Le fiabe che ho scelto le ho riprese da Le fiabe del focolare, dei fratelli Grimm e, soprattutto, da le
Fiabe italiane, di Calvino. Rileggendole, in vista del nostro lavoro, ho evidenziato alcune differenze
significative fra le due raccolte e gli autori stessi: i Grimm le trascrivono utilizzando le varie
versioni orali, senza darne conto, e mettendole nella forma che sembra a loro più congeniale, con un
intento politico: ricostruire “ un’antica religione della razza per far rinascere una coscienza
germanica dopo Napoleone” (Calvino, Fiabe italiane ). Le loro fiabe sono affollate di eroi,
scontri,crudeltà,sangue: grondano virilità.
Calvino attinge per la Sicilia da Fiabe, novelle e racconti popolari siciliani, di Giuseppe Pitrè che,
ricordiamolo, riporta un gran numero di fiabe che gli raccontava la sua nutrice, Agatuzza Messia,”
cucitrice di coltroni d’inverno al Borgo, nel largo Celso n.8”, verso la quale Pitrè riconosce il suo
grande debito e che Calvino indica come protagonista della raccolta, aggiungendo che “ha la
narrazione piena di colori, di natura, di oggetti, sollecita al meraviglioso… pronta sempre a far
muovere personaggi femminili attivi, intraprendenti, coraggiosi, che paiono in aperto contrasto con
l’idea passiva e chiusa della donna che si pensa tradizionale della Sicilia”.
Se leggiamo, per es., la fiaba di Cenerentola dei Grimm ( toglietevi dalla mente la versione di
Disney )e Grattula Beddattula, la versione di Cenerentola raccontata da Agatuzza Messia, potremo
subito verificare quello che dicevo prima. Ne indico brevemente le principali caratteristiche.

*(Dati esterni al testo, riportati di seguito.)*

Definition consistent (R : realType) (m : nat) (s : pref m) (u : 'I_m -> R) : Prop :=
  forall x y, (u y <= u x) <-> prefrel s x y.

Definition EU (R : realType) (m : nat) (u : 'I_m -> R) (p : lottery R m) : R :=
  \sum_x lot p x * u x.

Definition is_urep (R : realType) (m n : nat) (u : profile m n -> 'I_n -> 'I_m -> R) : Prop :=
  forall P i, consistent (P i) (u P i).

Definition udominates (R : realType) (m n : nat) (u : profile m n -> 'I_n -> 'I_m -> R)
  (P : profile m n) (q p : lottery R m) : Prop :=
  (forall i, EU (u P i) p <= EU (u P i) q) /\ (exists i, EU (u P i) p < EU (u P i) q).

Definition efficient (R : realType) (m n : nat) (f : SDS R m n) : Prop :=
  ~ exists P : profile m n,
      forall u, is_urep u -> exists q : lottery R m, udominates u P q (f P).

Definition manipulable (R : realType) (m n : nat) (f : SDS R m n) : Prop :=
  exists (P : profile m n) (i : 'I_n) (s : pref m),
    forall u, is_urep u -> EU (u P i) (f P) < EU (u P i) (f (upd P i s)).

Definition strategyproof (R : realType) (m n : nat) (f : SDS R m n) : Prop :=
  ~ manipulable f.

From mathcomp Require Import all_boot all_order all_fingroup all_algebra.
From mathcomp Require Import reals.
From mathcomp Require Import lra.
From Stdlib Require Import FunctionalExtensionality.
Set Implicit Arguments. Unset Strict Implicit. Unset Printing Implicit Defensive.
Import Order.TTheory GRing.Theory Num.Theory.
Local Open Scope ring_scope.

(* Given f for m alternatives and n agents, run f on profiles in which the
   m' "real" alternatives are ranked by the first n' agents as in the small
   profile and are strictly above the m - m' dummy alternatives, which are
   tied, while the remaining n - n' agents are indifferent between all
   alternatives.  Efficiency forces f to put no mass on the dummies (moving
   that mass to a real alternative hurts nobody and strictly helps the first
   agent), so f restricts to an SDS on the small domain.  Anonymity and neutrality
   pass down because permutations of the small sets extend to permutations
   of the large ones that commute with the embedding, and a dominating
   lottery or a manipulation in the small domain lifts verbatim, extra
   agents and dummy alternatives not affecting any expected utility.
   For n' = 0 this breaks down, but then every SDS is efficient and
   strategyproof, and the uniform lottery is anonymous and neutral. *)

Section Lotteries.
Variables (R : realType) (m : nat).
Implicit Types (p q : lottery R m) (v : 'I_m -> R).
Theorem lemma8
  (R : realType) (m d : nat) (S : finType)
  (mu : {ffun 'I_m -> bool} -> S) (p : S -> d.-tuple R -> R)
  (d0 : measure_display) (Omega : measurableType d0) (P : probability Omega R)
  (X : nat -> Omega -> {ffun 'I_m -> bool}) (Y : nat -> Omega -> d.-tuple R) :
  (1 <= m)%N ->
  #|S| = (2 ^ m)%N ->
  bijective mu ->
  (* p(.|s) are transition densities on R^d *)
  (forall s, measurable_fun [set: d.-tuple R] (p s)) ->
  (forall s y, 0 <= p s y) ->
  (forall s, lebint (fun y => (p s y)%:E) = 1%E) ->
  (* (A1) *)
  (forall j : 'I_m, exists (M1 a : R) (S1 : {poly R}), 0 < M1 /\ 0 < a /\
     forall y, M1 < eucl y ->
       qbit mu p j true y < S1.[eucl y] * expR (- (a * eucl y)) /\
       qbit mu p j false y < S1.[eucl y] * expR (- (a * eucl y))) ->
  (* (A2) *)
  (forall j : 'I_m, exists (M2 : R) (S2 : {poly R}), 0 < M2 /\
     forall y, M2 < eucl y -> `|LLR mu p j y| < S2.[eucl y]) ->
  (* (A3) *)
  (forall j : 'I_m,
     smooth_on [set t | 0 < t] (Psi mu p j) /\
     smooth_on [set u | 0 < u < 1] (cdf_inv (Psi mu p j))) ->
  smooth_on [set t | 0 < t] (Psibar mu p) ->
  smooth_on [set u | 0 < u < 1] (cdf_inv (Psibar mu p)) ->
  (* random coding, message 1 sent: X i = bits of symbol i of codeword 1,
     Y i = channel output; the joint law of (X_i, Y_i)_{i<N}: bits i.i.d.
     uniform, outputs conditionally independent with densities p(.|mu(X_i)) *)
  (forall i x, measurable [set w | X i w = x]) ->
  (forall i, measurable_fun [set: Omega] (Y i)) ->
  (forall (N : nat) (x : nat -> {ffun 'I_m -> bool})
          (A : nat -> set (d.-tuple R)),
     (forall i, measurable (A i)) ->
     P [set w | forall i, (i < N)%N -> X i w = x i /\ A i (Y i w)] =
     (\prod_(i < N) (((2 ^ m)%:R)^-1 *
        fine (lebint (fun y => ((\1_(A i) y : R) * p (mu (x i)) y)%:E))))%:E) ->
  (fun N : nat =>
     varP P (fun w =>
       orbgrand_D (fun k : 'I_N * 'I_m => LLR mu p k.2 (Y k.1 w))
                  (fun i : 'I_N => X i w)))
    @ \oo --> 0.
Proof.
move=> m_gt0 _ _ mp _ p1 _ _ _ _ _ mX mY law.
exact: varP_orbgrand_D_cvg0 mX mY law p1 mp m_gt0.
Qed.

La Cenerentola dei Grimm si apre con la descrizione della morte della madre che, prima di chiudere
gli occhi, raccomanda alla bambina di essere “docile e buona” e lei va ogni giorno a piangere sulla
sua tomba ed “ è sempre docile e buona “. Poi arrivano matrigna e sorellastre che la trasformano in
serva. La bimba, al padre che glielo chiede, risponde che vuole in regalo “ il primo rametto che vi
urta il cappello”, senza esprimere nessuna preferenza. Arriva il bando per il ballo a palazzo e – salto
le cattiverie della matrigna e delle sorelle e le magie per l’abbigliamento – per tre sere di seguito
Cenerentola, ballando con il principe, non apre bocca. Voglio ricordare cosa succede quando le
sorelle provano la scarpetta: alla maggiore non entra l’alluce e allora la madre le porge un grosso
coltello e glielo fa tagliare, “ perché tanto quando sarà regina non dovrà camminare più a piedi”.
Quando il principe le guarda il piede, vede sgorgare il sangue. La seconda sorella si taglia il
calcagno con il solito spargimento di sangue. Nella scena finale alle due sorelle vengono cavati gli
occhi da due colombe protettrici di Cenerentola. Se Disney avesse rappresentato questa versione
avrebbe fatto concorrenza a Quentin Tarantino.
Ninetta, la protagonista di Grattula Beddattula (Dattero Beldattero) , vive serenamente con il padre
e le sue sorelle ( la scomparsa della madre ci è risparmiata ), chiede con sicurezza al padre, come
regalo, un ramo di datteri in un vaso d’argento. In assenza del padre, Nina, per recuperare un ditale,
si cala in un pozzo, dove trova un paradiso di fiori e frutta. Ricordo soltanto che il pozzo è simbolo
della Dea ctonia , divinità del mondo sotterraneo e che la ricchezza della vegetazione è il segno
della sua potenza fecondatrice; ne parlerò in un'altra fiaba. Più in là nel tempo c’è il bando per il
ballo a palazzo e Nina, nonostante le insistenze del padre e delle sorelle, non vuole andarci. Poi,
però, rimasta sola, chiede al suo ramo di datteri: “ Grattula-Beddattula, sali su e vesti Nina, falla più
bella di com’era prima.” Nina durante il ballo non si vuole far riconoscere dal Reuzzo e c’è fra i due
un arguto duetto:
- Come state, signora?
- Come estate così inverno.
- Come vi chiamate?
- Col mio nome.
- E dove state?
- Nella casa con la porta.
- In che strada?
- Nella vanedda del polverone.
- Signora, voi mi fate morire!
- Fate pure!
Alla fine il Re interviene d’autorità e, svelata l’identità della ragazza, ne chiede la mano al padre.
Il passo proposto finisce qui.